#### WHAT THE EXERCISE ASKS:
Report back each line of the data that contains the word "apply".

---------- INPUT RECORDS ----------

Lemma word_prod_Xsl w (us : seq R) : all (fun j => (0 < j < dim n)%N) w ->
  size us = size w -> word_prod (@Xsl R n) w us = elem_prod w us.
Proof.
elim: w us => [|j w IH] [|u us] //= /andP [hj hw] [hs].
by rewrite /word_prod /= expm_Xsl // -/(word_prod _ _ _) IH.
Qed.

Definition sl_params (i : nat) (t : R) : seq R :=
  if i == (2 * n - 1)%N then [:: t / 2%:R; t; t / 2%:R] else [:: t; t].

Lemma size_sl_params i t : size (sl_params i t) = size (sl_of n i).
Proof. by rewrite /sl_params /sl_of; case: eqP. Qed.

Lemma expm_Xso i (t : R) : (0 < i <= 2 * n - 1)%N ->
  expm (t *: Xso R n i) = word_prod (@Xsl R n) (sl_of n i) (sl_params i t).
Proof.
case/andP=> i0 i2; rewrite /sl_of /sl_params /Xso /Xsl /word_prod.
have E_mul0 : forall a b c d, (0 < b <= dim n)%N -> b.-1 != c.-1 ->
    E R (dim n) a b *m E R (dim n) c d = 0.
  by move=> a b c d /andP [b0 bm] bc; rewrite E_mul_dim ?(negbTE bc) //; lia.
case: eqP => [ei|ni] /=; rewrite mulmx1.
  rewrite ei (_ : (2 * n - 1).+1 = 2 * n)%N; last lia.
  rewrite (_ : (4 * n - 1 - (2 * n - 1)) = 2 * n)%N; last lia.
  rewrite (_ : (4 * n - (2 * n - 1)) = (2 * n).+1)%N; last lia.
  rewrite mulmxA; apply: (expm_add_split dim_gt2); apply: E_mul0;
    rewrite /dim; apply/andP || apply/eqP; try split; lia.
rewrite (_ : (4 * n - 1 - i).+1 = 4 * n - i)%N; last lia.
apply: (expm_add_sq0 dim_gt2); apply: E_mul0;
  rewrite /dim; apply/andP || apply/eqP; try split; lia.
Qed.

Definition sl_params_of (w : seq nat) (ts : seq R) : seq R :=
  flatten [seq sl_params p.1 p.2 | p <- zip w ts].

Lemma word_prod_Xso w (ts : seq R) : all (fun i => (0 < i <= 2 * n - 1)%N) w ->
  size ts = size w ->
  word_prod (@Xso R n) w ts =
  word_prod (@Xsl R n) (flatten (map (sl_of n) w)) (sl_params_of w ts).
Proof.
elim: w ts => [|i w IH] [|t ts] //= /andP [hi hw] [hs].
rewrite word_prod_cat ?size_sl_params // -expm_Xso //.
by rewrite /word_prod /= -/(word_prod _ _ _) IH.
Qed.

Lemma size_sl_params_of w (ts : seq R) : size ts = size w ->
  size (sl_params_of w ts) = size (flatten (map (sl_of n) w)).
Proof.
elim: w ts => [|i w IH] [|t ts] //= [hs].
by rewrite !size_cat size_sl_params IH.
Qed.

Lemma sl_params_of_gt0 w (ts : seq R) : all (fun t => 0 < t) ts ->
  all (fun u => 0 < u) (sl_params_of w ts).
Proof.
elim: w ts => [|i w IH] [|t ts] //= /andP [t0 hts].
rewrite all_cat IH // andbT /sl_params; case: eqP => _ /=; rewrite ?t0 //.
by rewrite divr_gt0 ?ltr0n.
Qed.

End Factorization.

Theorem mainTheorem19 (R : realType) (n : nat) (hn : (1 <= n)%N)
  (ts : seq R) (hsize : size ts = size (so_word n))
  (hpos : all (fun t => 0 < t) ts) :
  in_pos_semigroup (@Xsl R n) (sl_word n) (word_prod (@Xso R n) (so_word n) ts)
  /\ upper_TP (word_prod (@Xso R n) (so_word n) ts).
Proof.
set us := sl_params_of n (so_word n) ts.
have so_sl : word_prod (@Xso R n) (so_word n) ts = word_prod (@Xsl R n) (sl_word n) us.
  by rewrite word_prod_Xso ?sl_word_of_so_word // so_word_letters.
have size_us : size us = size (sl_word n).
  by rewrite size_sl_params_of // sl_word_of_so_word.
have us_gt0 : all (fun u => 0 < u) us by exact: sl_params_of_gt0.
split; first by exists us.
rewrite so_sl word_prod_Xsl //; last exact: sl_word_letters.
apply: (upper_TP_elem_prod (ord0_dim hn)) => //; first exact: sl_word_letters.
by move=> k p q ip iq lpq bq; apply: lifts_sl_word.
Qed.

----------
---------- INPUT RECORDS ----------

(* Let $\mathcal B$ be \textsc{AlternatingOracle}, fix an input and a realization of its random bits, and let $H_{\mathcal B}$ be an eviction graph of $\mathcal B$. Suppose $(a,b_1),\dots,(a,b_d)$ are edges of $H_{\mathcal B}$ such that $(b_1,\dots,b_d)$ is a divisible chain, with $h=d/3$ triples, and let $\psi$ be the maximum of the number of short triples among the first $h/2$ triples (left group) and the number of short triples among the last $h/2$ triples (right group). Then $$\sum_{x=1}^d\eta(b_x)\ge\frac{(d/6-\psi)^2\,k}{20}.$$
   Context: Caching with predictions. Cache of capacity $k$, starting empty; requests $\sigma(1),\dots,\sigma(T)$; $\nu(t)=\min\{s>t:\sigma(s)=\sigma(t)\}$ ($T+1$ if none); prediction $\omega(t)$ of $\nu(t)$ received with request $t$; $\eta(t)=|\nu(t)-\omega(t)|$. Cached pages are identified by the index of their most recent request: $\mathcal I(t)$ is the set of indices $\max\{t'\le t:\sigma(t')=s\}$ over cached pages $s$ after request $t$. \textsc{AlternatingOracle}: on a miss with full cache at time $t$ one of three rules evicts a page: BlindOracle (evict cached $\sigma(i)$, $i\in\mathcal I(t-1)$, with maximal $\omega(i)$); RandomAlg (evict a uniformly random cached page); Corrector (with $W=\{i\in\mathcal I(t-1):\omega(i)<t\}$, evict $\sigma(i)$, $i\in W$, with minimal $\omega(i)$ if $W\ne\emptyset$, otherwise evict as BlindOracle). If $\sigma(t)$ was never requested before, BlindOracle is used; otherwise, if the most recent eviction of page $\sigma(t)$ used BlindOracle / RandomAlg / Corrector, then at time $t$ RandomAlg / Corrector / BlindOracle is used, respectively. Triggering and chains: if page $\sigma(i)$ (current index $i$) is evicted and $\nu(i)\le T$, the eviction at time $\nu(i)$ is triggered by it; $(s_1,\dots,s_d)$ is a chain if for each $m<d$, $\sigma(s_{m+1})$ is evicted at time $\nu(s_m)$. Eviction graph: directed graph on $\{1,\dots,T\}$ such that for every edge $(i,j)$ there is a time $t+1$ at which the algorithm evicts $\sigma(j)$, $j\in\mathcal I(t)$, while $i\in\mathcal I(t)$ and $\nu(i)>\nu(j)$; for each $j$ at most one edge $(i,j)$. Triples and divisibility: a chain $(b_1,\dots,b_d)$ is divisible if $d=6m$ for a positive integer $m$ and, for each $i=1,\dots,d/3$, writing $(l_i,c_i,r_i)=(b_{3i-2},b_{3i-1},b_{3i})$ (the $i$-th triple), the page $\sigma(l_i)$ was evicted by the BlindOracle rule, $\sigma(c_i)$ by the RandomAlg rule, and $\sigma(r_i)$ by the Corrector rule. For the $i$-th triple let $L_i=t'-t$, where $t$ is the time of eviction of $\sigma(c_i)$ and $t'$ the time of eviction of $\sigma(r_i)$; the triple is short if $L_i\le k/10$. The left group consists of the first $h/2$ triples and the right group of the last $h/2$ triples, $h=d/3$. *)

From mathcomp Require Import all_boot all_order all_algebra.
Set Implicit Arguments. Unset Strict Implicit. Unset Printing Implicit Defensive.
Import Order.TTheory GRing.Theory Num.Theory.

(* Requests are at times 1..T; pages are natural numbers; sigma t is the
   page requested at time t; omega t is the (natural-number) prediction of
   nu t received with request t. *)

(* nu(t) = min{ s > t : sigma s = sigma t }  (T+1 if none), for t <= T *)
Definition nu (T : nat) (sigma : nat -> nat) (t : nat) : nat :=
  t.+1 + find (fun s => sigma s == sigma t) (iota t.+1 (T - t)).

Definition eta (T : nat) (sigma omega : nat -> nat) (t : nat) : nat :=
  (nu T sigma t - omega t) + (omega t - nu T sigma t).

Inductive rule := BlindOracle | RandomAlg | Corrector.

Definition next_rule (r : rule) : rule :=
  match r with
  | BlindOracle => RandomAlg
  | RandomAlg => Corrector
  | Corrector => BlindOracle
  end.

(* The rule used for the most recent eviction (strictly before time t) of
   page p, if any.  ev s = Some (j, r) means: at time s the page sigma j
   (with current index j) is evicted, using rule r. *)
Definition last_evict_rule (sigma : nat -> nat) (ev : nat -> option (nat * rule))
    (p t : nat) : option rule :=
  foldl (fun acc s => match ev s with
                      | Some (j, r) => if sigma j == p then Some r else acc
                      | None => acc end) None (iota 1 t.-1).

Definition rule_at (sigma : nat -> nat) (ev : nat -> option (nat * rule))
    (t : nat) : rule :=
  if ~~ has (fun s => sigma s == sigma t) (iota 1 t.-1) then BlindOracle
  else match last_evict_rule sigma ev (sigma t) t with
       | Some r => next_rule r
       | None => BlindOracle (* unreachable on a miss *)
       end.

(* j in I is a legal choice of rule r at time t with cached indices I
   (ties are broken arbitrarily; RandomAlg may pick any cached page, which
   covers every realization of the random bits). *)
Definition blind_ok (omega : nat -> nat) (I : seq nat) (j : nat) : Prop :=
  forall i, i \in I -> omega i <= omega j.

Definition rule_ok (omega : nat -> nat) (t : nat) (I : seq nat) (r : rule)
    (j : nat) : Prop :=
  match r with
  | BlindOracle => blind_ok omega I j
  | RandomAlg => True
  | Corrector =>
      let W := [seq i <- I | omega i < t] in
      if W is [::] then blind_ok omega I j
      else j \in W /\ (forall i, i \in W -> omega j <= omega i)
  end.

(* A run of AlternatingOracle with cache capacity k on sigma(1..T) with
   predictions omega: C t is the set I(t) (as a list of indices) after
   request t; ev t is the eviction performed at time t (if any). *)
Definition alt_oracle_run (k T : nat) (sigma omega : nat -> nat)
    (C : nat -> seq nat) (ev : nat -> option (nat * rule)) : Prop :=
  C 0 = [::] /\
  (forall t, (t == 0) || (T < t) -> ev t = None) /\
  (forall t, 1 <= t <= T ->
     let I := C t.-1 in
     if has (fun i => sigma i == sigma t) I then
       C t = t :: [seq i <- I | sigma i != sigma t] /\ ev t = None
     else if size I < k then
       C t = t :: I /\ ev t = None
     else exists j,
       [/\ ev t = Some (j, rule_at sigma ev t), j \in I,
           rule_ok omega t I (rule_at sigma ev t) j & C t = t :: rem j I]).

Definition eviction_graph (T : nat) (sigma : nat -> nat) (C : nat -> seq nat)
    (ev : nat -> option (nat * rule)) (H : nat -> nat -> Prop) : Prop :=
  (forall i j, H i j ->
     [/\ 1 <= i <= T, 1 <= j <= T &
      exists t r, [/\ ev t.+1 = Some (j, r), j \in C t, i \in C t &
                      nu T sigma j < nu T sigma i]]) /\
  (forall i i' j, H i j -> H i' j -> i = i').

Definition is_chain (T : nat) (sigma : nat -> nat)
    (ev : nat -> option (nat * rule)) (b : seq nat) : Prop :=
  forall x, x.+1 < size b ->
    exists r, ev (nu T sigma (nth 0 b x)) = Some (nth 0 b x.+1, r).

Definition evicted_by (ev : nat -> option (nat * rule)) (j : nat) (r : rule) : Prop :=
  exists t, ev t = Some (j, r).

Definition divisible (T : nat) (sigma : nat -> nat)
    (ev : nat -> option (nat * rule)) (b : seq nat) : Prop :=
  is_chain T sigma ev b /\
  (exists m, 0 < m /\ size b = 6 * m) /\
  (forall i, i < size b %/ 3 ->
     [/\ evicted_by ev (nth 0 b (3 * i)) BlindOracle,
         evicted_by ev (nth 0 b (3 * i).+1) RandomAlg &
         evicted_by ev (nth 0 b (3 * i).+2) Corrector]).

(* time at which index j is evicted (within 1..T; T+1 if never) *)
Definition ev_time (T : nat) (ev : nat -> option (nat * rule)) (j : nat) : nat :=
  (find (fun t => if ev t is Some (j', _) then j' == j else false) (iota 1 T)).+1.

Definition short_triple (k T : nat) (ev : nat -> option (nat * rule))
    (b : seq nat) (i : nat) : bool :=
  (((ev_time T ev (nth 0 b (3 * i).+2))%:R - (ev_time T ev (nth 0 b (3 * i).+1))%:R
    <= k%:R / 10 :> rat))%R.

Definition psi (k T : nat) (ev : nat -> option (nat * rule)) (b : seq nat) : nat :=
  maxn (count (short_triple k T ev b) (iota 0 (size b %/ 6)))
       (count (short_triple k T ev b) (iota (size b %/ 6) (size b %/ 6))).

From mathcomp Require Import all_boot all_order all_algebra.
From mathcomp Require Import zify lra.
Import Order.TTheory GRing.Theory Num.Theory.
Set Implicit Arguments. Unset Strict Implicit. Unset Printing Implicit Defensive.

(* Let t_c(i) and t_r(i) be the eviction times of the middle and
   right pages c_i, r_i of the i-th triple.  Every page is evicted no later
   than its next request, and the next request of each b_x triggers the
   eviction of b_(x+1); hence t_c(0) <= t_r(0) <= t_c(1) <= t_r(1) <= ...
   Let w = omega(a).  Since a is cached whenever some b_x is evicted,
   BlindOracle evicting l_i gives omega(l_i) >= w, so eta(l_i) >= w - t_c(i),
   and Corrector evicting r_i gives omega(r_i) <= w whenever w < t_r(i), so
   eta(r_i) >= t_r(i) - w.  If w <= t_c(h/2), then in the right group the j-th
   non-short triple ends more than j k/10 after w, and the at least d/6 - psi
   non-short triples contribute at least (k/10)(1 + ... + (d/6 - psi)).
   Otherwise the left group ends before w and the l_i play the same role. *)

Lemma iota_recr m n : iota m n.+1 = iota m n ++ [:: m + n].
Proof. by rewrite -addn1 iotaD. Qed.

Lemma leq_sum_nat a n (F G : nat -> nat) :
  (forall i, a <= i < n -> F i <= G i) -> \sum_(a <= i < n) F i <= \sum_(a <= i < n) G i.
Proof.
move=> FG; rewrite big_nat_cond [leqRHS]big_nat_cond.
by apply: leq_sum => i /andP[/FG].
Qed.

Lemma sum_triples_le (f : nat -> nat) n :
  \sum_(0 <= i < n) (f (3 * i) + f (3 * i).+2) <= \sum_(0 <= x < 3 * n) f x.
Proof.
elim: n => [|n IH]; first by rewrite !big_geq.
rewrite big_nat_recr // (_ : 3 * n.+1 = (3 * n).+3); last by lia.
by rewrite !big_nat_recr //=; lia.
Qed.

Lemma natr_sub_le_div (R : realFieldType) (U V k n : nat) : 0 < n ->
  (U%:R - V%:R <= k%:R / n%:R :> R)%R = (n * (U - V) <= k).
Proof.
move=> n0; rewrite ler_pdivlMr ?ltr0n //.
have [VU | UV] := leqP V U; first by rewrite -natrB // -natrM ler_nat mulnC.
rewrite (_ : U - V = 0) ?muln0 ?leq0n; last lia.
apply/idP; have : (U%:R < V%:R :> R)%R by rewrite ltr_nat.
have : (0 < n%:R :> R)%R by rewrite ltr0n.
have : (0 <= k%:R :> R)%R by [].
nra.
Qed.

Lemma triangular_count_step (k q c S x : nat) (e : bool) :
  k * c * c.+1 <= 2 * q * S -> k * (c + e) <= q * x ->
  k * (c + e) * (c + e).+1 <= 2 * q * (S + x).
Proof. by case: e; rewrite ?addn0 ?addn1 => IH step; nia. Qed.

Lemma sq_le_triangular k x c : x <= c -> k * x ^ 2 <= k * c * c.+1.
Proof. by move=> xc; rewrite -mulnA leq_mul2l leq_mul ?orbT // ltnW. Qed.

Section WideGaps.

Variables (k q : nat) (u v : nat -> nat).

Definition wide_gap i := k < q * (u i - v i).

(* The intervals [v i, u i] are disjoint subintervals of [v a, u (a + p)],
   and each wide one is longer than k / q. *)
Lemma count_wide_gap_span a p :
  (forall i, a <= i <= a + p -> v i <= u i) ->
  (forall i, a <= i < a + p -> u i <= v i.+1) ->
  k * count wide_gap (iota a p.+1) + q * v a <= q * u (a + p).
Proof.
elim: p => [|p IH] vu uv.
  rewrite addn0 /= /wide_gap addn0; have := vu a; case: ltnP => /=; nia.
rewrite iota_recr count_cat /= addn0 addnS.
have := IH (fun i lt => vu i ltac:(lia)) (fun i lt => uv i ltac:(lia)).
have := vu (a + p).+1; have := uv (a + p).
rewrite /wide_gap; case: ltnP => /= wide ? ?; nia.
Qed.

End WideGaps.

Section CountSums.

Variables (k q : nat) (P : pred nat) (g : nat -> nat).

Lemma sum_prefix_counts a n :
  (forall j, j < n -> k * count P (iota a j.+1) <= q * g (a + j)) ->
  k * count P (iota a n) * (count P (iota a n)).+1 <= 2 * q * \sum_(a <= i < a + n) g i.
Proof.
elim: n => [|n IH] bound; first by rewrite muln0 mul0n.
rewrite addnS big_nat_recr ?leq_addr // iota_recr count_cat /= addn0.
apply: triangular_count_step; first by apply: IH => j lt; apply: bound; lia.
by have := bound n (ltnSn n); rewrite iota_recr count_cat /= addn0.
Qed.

----------

#### SOLUTION TO THIS PROBLEM:
  rewrite mulmxA; apply: (expm_add_split dim_gt2); apply: E_mul0;
    rewrite /dim; apply/andP || apply/eqP; try split; lia.
apply: (expm_add_sq0 dim_gt2); apply: E_mul0;
  rewrite /dim; apply/andP || apply/eqP; try split; lia.
apply: (upper_TP_elem_prod (ord0_dim hn)) => //; first exact: sl_word_letters.
by move=> k p q ip iq lpq bq; apply: lifts_sl_word.
by apply: leq_sum => i /andP[/FG].
apply/idP; have : (U%:R < V%:R :> R)%R by rewrite ltr_nat.
apply: triangular_count_step; first by apply: IH => j lt; apply: bound; lia.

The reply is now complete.